That is problematic then for us given that Marionette enables a11y or pieces of it, which are needed for specific events to perform. A while ago I already filed bug 1277791 to get this investigated or stopped.
Depends on: 1277791
Comment on attachment 8791590 [details]
Bug 1299216 - [mozcrash] Count crash reports in check_for_crashes and bump version to 1.0.

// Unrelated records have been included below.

(* Let $q$ be a prime power, let $h(x)\in\mathbb{F}_{q^6}[x]$, let $L(x)=\sum_i a_i x^{q^i}$ be a $q$-polynomial with all $a_i\in\mathbb{F}_q$, and let $\delta\in\mathbb{F}_{q^6}$. Write $w(x)=x^{q^2}+x^q+x+\delta$. Then the polynomial $$f(x)=h(w(x))^{q^4}-h(w(x))^{q^3}+h(w(x))^{q}-h(w(x))+L(x)$$ permutes $\mathbb{F}_{q^6}$ if and only if $L(x)$ permutes $\mathbb{F}_{q^6}$.
   Context: A polynomial permutes $\mathbb{F}_{q^6}$ if it induces a bijection of $\mathbb{F}_{q^6}$. *)

From HB Require Import structures.
From mathcomp Require Import all_boot all_order all_algebra all_field.
Set Implicit Arguments. Unset Strict Implicit. Unset Printing Implicit Defensive.
Import GRing.Theory.
Local Open Scope ring_scope.

Definition prime_power (q : nat) : Prop :=
  exists p k : nat, prime p /\ (0 < k)%N /\ q = (p ^ k)%N.

Definition permutes (F : finFieldType) (P : {poly F}) : Prop :=
  bijective (fun x : F => P.[x]).

Definition L_qpoly (F : finFieldType) (q n : nat) (a : 'I_n -> F) : {poly F} :=
  \sum_(i < n) (a i)%:P * 'X^(q ^ i).

Definition w_poly (F : finFieldType) (q : nat) (delta : F) : {poly F} :=
  'X^(q ^ 2) + 'X^q + 'X + delta%:P.

Definition f_poly (F : finFieldType) (q : nat) (h L : {poly F}) (delta : F)
  : {poly F} :=
  let hw := h \Po w_poly q delta in
  hw ^+ (q ^ 4) - hw ^+ (q ^ 3) + hw ^+ q - hw + L.

(* Let w0(x) = x^{q^2} + x^q + x be the linear part of w and
   g(y) = y^{q^4} - y^{q^3} + y^q - y, so that f(x) = g(h(w0 x + delta)) + L x on F.
   Since x^{q^6} = x on F_{q^6}, w0 kills the image of g, and w0 commutes with L
   because the coefficients of L lie in F_q; hence w0 o f = L o w0.  For additive
   maps this intertwining decides bijectivity: if L is injective then f x = f y
   forces w0 x = w0 y, hence L x = L y; conversely if f is onto then L maps the
   image of w0 onto itself, so a kernel element z of L has w0 z = 0 and f is
   invariant under translation by z. *)

From HB Require Import structures.
From mathcomp Require Import all_boot all_order all_algebra all_field.
From mathcomp Require Import ring.
Local Open Scope ring_scope.
Import GRing.Theory.

Lemma eq_bijective {A B : Type} {f g : A -> B} : f =1 g -> bijective f <-> bijective g.
Proof. by move=> fg; split=> /eq_bij; apply=> // x; rewrite fg. Qed.

Lemma prime_power_pchar_nat {F : finFieldType} {q m : nat} :
  prime_power q -> #|F| = (q ^ m)%N -> (0 < m)%N -> [pchar F].-nat q.
Proof.
move=> [p [k [p_pr [_ ->]]]] card_F m_gt0.
have pF : p \in [pchar F] by apply: (card_finPcharP (n := (k * m)%N)); rewrite ?expnM.
by rewrite (eq_pnat _ (pcharf_eq pF)) pnatX pnat_id.
Qed.

Section FibredPerturbation.

Variables (V : finZmodType) (T L r : V -> V).
Hypotheses (TD : {morph T : x y / x + y}) (LD : {morph L : x y / x + y}).
Hypothesis TL : forall x, T (L x) = L (T x).
Hypothesis Tr : forall y, T (r y) = 0.

Local Notation f := (fun x => r (T x) + L x).

Lemma morph_add0 {M : V -> V} : {morph M : x y / x + y} -> M 0 = 0.
Proof. by move=> MD; apply: (addrI (M 0)); rewrite -MD !addr0. Qed.

Lemma T_fibred x : T (f x) = L (T x).
Proof. by rewrite TD Tr add0r TL. Qed.

Lemma fibred_bij_of_bij : bijective L -> bijective f.
Proof.
move=> /bij_inj L_inj; apply: injF_bij => x y fxy.
have Txy : T x = T y by apply: L_inj; rewrite -!T_fibred fxy.
by apply: L_inj; apply: (addrI (r (T x))); rewrite fxy Txy.
Qed.

Lemma bij_of_fibred_bij : bijective f -> bijective L.
Proof.
move=> f_bij; have f_inj := bij_inj f_bij.
pose S := [set T x | x in [set: V]].
have L_inj_S : {in S &, injective L}.
  apply/imset_injP; rewrite eqn_leq leq_imset_card subset_leq_card //.
  apply/subsetP => _ /imsetP[y _ ->]; have [fi _ fK] := f_bij.
  by rewrite -(fK y) T_fibred; do 2 apply: imset_f.
have L0 := morph_add0 LD; have T0 := morph_add0 TD.
have Lker z : L z = 0 -> z = 0.
  move=> Lz; have S0 : 0 \in S by rewrite -T0 imset_f.
  have Tz : T z = 0 by apply: L_inj_S; rewrite ?imset_f // -TL Lz T0 L0.
  by apply: f_inj; rewrite /= Tz Lz T0 L0.
apply: injF_bij => x y Lxy; apply/eqP; rewrite -subr_eq0; apply/eqP/Lker.
by apply: (addIr (L y)); rewrite -LD subrK Lxy add0r.
Qed.

Lemma fibred_bijE : bijective f <-> bijective L.
Proof. by split; [apply: bij_of_fibred_bij | apply: fibred_bij_of_bij]. Qed.

End FibredPerturbation.

Section FrobeniusPowers.

Variables (F : finFieldType) (q : nat).
Hypothesis q_pchar : [pchar F].-nat q.
Hypothesis card_F : #|F| = (q ^ 6)%N.

Lemma qpow_pchar j : [pchar F].-nat (q ^ j)%N.
Proof. by rewrite pnatX q_pchar. Qed.

Lemma exprD_qpow j : {morph (fun x : F => x ^+ (q ^ j)) : x y / x + y}.
Proof. by move=> x y; apply/exprDn_pchar/qpow_pchar. Qed.

Lemma exprB_qpow j (x y : F) : (x - y) ^+ (q ^ j) = x ^+ (q ^ j) - y ^+ (q ^ j).
Proof. by rewrite exprD_qpow exprNn_pchar ?qpow_pchar. Qed.

Lemma expr_qpow_sum j (I : Type) (s : seq I) (P : pred I) (G : I -> F) :
  (\sum_(i <- s | P i) G i) ^+ (q ^ j) = \sum_(i <- s | P i) G i ^+ (q ^ j).
Proof.
apply: (big_morph _ (exprD_qpow j)); rewrite expr0n expn_eq0.
by case/andP: q_pchar; case: q.
Qed.

Lemma expr_qpow6 (x : F) : x ^+ (q ^ 6) = x.
Proof. by rewrite -card_F expf_card. Qed.

Definition w_lin (x : F) := x ^+ (q ^ 2) + x ^+ (q ^ 1) + x.

Definition g_map (y : F) := y ^+ (q ^ 4) - y ^+ (q ^ 3) + y ^+ (q ^ 1) - y.

Lemma w_linD : {morph w_lin : x y / x + y}.
Proof.
by move=> x y; rewrite /w_lin !exprD_qpow; ring.
Qed.

Lemma w_lin_g_map y : w_lin (g_map y) = 0.
Proof.
by rewrite /w_lin /g_map !(exprB_qpow, exprD_qpow) -!exprM -!expnD expr_qpow6; ring.
Qed.

Lemma f_poly_hornerE (h P : {poly F}) delta x :
  (f_poly q h P delta).[x] = g_map h.[w_lin x + delta] + P.[x].
Proof. by rewrite /f_poly !hornerE horner_comp /w_poly !hornerE /g_map /w_lin expn1. Qed.

Variables (n : nat) (a : 'I_n -> F).
Hypothesis a_fixed : forall i, a i ^+ q = a i.

Definition L_map (x : F) := \sum_(i < n) a i * x ^+ (q ^ i).

Lemma L_qpoly_hornerE x : (L_qpoly q a).[x] = L_map x.
Proof. by rewrite horner_sum; apply: eq_bigr => i _; rewrite hornerCM hornerXn. Qed.

Lemma L_mapD : {morph L_map : x y / x + y}.
Proof.
by move=> x y; rewrite -big_split; apply: eq_bigr => i _; rewrite exprD_qpow mulrDr.
Qed.

Lemma a_fixed_qpow i j : a i ^+ (q ^ j) = a i.
Proof. by elim: j => [|j IHj]; rewrite ?expr1 // expnSr exprM IHj a_fixed. Qed.

Lemma w_lin_L_map x : w_lin (L_map x) = L_map (w_lin x).
Proof.
rewrite /w_lin /L_map !expr_qpow_sum -!big_split; apply: eq_bigr => i _.
by rewrite !exprMn !a_fixed_qpow !exprD_qpow -!exprM -!expnD !(addnC i) !mulrDr.
Qed.

End FrobeniusPowers.

Theorem mainTheorem10 (q : nat) (F : finFieldType) (n : nat)
  (h : {poly F}) (a : 'I_n -> F) (delta : F) :
  prime_power q ->
  #|F| = (q ^ 6)%N ->
  (forall i, a i ^+ q = a i) ->
  (permutes (@f_poly F q h (@L_qpoly F q n a) delta) <-> permutes (@L_qpoly F q n a)).
Proof.
move=> q_pp card_F a_fixed.
have q_pchar : [pchar F].-nat q := prime_power_pchar_nat q_pp card_F isT.
pose r y := g_map F q h.[y + delta].
have f_fibred x : (f_poly q h (L_qpoly q a) delta).[x] = r (w_lin F q x) + L_map F q n a x.
  by rewrite f_poly_hornerE L_qpoly_hornerE.
rewrite /permutes (eq_bijective f_fibred) (eq_bijective (L_qpoly_hornerE F q n a)).
apply: fibred_bijE.
- exact: w_linD.
- exact: L_mapD.
- exact: w_lin_L_map.
- by move=> y; apply: w_lin_g_map.
Qed.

https://reviewboard.mozilla.org/r/78948/#review83728

Trying to see if using `self.quit()` works better as only calling `self.instance.close()`. We would at least unregister all listeners which might cause lesser issues during a forced shutdown.
(In reply to David Burns :automatedtester from comment #59)
> > The difference to my push is that with my patch we continue the tests and do
> > not abort after the first crash. Maybe we should better keep this behavior
> > also for content crashes.
> > 
> > David, would you agree with the above?
> 
> Yup, sounds good.

Btw the early abort of a test run right after the instance crashed happens at the moment because of a side-effect which is tracked by bug 1292588. I do not have a clear answer yet without investigating it deeper. But it's most likely due to the additional error/exception in the test runner. With that we seem to break out of everything.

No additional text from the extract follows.